__WHAT THE TASK REQUIRES__. Go line by line through the entries and show those that hold the string "exists".
(RECORDED DATA begins)
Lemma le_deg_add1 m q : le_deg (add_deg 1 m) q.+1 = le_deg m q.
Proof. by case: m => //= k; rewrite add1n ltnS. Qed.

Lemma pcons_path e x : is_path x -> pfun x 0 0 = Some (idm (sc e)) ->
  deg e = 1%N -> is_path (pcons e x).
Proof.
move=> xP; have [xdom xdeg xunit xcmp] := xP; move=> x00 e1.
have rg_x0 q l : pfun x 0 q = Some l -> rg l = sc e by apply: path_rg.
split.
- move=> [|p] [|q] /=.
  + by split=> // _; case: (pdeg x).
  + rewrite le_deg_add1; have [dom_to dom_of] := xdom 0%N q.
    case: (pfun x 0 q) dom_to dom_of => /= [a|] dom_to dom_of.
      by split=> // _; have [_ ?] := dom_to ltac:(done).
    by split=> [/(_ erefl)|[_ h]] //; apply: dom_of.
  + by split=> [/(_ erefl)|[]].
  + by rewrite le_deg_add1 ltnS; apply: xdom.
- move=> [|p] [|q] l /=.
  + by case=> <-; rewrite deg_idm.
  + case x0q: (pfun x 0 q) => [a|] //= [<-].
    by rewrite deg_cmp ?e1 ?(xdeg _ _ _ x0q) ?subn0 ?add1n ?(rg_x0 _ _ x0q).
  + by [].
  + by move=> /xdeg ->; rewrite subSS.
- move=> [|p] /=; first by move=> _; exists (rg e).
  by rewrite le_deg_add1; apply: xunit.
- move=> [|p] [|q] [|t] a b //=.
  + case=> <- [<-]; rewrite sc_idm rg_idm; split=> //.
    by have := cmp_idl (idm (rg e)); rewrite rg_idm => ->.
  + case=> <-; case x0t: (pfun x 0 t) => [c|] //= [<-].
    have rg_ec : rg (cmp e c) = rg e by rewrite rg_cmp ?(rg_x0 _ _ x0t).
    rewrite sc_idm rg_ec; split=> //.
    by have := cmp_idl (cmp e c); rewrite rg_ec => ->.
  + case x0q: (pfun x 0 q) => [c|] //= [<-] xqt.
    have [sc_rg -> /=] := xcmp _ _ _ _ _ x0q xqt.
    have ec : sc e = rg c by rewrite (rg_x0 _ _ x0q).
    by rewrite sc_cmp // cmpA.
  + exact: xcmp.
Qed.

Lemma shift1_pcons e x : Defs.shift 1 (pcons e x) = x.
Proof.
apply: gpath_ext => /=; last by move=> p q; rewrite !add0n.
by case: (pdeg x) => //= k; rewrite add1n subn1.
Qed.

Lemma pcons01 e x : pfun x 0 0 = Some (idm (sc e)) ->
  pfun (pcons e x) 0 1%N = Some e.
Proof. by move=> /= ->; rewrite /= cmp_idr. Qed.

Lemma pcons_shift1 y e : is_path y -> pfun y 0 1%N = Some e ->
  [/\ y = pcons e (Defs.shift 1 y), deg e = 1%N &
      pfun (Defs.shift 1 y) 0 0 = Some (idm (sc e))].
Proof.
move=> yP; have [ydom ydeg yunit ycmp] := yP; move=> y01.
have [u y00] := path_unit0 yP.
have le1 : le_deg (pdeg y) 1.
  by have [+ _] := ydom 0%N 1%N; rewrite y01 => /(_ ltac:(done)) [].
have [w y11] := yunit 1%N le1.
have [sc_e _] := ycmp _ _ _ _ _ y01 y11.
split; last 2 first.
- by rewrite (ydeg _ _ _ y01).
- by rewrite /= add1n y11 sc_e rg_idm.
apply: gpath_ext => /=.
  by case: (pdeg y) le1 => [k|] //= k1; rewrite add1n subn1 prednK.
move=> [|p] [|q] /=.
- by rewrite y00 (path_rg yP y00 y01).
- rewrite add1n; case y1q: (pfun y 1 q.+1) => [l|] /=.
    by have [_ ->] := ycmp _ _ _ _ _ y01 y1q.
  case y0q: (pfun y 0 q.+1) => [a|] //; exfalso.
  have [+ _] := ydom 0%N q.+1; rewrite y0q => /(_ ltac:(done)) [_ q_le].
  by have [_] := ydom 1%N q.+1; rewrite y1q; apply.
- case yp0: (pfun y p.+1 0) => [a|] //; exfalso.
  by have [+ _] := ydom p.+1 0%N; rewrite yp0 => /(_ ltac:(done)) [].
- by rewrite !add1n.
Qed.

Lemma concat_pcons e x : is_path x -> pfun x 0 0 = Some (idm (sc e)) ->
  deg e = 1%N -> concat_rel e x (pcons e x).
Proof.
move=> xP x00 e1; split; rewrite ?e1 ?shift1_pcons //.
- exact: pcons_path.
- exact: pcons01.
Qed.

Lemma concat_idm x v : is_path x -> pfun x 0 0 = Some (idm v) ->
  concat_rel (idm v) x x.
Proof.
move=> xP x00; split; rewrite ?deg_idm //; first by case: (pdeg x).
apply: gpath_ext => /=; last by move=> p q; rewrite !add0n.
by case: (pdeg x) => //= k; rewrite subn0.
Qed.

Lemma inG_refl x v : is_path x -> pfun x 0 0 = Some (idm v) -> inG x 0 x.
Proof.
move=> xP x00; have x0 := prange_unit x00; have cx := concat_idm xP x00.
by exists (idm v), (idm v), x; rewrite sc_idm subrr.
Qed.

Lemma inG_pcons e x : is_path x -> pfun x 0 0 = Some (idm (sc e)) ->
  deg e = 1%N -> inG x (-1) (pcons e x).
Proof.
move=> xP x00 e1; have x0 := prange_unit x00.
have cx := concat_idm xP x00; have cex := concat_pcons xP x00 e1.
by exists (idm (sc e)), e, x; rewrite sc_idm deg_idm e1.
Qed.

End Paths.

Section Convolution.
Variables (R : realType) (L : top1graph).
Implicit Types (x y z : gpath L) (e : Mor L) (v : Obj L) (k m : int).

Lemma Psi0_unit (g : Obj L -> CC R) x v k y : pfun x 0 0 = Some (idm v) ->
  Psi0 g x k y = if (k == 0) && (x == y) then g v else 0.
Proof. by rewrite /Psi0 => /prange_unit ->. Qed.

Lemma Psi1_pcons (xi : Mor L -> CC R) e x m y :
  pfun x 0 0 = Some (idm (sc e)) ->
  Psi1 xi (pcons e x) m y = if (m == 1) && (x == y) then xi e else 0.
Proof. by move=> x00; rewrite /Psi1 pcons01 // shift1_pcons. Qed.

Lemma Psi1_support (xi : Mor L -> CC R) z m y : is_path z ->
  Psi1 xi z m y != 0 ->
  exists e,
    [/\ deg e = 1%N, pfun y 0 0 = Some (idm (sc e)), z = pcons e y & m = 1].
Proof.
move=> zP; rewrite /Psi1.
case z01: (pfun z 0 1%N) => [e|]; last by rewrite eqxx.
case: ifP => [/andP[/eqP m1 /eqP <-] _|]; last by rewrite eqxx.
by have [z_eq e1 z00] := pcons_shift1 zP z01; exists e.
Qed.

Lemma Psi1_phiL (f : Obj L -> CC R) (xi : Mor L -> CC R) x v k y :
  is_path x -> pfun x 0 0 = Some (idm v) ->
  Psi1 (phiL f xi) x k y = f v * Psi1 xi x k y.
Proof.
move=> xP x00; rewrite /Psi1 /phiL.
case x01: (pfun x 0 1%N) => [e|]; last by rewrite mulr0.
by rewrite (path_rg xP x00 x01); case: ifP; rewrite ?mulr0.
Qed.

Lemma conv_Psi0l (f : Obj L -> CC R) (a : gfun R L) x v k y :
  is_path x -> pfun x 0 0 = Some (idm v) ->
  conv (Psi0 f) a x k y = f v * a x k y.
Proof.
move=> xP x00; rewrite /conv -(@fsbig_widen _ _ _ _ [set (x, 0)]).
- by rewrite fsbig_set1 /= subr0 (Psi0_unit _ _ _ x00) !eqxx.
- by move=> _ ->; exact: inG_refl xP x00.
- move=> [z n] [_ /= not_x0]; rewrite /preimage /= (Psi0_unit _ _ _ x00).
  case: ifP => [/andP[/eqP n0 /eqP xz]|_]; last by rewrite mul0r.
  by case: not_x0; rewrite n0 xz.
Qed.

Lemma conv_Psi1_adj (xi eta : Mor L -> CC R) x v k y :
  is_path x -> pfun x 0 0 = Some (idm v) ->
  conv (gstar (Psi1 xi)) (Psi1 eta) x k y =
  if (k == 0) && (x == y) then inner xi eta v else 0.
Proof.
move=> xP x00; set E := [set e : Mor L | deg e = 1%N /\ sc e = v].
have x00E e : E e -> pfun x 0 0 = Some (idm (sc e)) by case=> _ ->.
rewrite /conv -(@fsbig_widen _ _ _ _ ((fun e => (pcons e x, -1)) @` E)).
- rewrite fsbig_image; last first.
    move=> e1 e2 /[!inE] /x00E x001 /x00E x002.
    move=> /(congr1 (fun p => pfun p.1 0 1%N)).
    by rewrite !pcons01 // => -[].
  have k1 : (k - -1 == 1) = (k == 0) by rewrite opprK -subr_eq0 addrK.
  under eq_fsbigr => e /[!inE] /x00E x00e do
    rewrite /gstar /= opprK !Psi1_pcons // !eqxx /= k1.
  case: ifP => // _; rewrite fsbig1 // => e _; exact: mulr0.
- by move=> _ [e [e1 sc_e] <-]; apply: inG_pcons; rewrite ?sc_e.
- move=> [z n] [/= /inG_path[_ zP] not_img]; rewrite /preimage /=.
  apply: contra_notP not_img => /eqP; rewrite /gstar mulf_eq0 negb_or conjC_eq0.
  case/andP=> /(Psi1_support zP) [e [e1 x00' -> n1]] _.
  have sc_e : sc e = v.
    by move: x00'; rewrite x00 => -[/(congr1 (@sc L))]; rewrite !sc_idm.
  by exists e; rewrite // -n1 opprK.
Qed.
(RECORDED DATA ends)
(RECORDED DATA begins)
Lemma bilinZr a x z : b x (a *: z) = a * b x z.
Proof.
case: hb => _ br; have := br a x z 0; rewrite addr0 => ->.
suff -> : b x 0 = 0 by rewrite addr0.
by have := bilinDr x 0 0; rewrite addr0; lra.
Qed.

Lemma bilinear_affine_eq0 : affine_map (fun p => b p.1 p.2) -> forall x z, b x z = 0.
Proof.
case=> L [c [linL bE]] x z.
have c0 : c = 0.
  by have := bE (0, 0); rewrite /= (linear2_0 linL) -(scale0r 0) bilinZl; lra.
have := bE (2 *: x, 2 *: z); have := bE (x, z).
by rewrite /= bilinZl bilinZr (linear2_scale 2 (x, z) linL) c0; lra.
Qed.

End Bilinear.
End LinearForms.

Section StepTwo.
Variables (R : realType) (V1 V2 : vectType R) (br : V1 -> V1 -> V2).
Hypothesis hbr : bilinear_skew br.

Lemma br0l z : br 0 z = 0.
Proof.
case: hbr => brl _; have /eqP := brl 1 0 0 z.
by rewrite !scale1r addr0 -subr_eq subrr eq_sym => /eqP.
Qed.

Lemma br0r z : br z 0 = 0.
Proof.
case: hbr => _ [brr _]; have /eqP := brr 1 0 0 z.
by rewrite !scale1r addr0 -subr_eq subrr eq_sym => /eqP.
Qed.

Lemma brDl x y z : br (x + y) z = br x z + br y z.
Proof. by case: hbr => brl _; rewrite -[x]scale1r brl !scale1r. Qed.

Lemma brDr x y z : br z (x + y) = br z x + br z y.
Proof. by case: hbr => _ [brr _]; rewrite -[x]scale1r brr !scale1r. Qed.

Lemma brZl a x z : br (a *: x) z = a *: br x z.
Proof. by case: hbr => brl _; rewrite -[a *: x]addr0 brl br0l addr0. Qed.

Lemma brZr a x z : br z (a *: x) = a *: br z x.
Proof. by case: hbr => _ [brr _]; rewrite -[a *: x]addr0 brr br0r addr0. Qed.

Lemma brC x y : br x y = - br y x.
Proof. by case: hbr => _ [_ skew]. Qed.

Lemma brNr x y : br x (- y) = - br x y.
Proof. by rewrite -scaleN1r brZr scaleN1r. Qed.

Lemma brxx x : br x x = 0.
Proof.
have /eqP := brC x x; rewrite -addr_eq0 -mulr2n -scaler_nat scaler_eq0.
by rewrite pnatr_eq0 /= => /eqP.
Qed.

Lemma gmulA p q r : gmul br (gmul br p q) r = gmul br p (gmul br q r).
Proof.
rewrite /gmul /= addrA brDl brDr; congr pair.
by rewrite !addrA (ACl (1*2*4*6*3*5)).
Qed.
(RECORDED DATA ends)
__REPLY TO THE EXERCISE__.
- move=> [|p] /=; first by move=> _; exists (rg e).
by exists (idm v), (idm v), x; rewrite sc_idm subrr.
by exists (idm (sc e)), e, x; rewrite sc_idm deg_idm e1.
  exists e,
by have [z_eq e1 z00] := pcons_shift1 zP z01; exists e.
  by exists e; rewrite // -n1 opprK.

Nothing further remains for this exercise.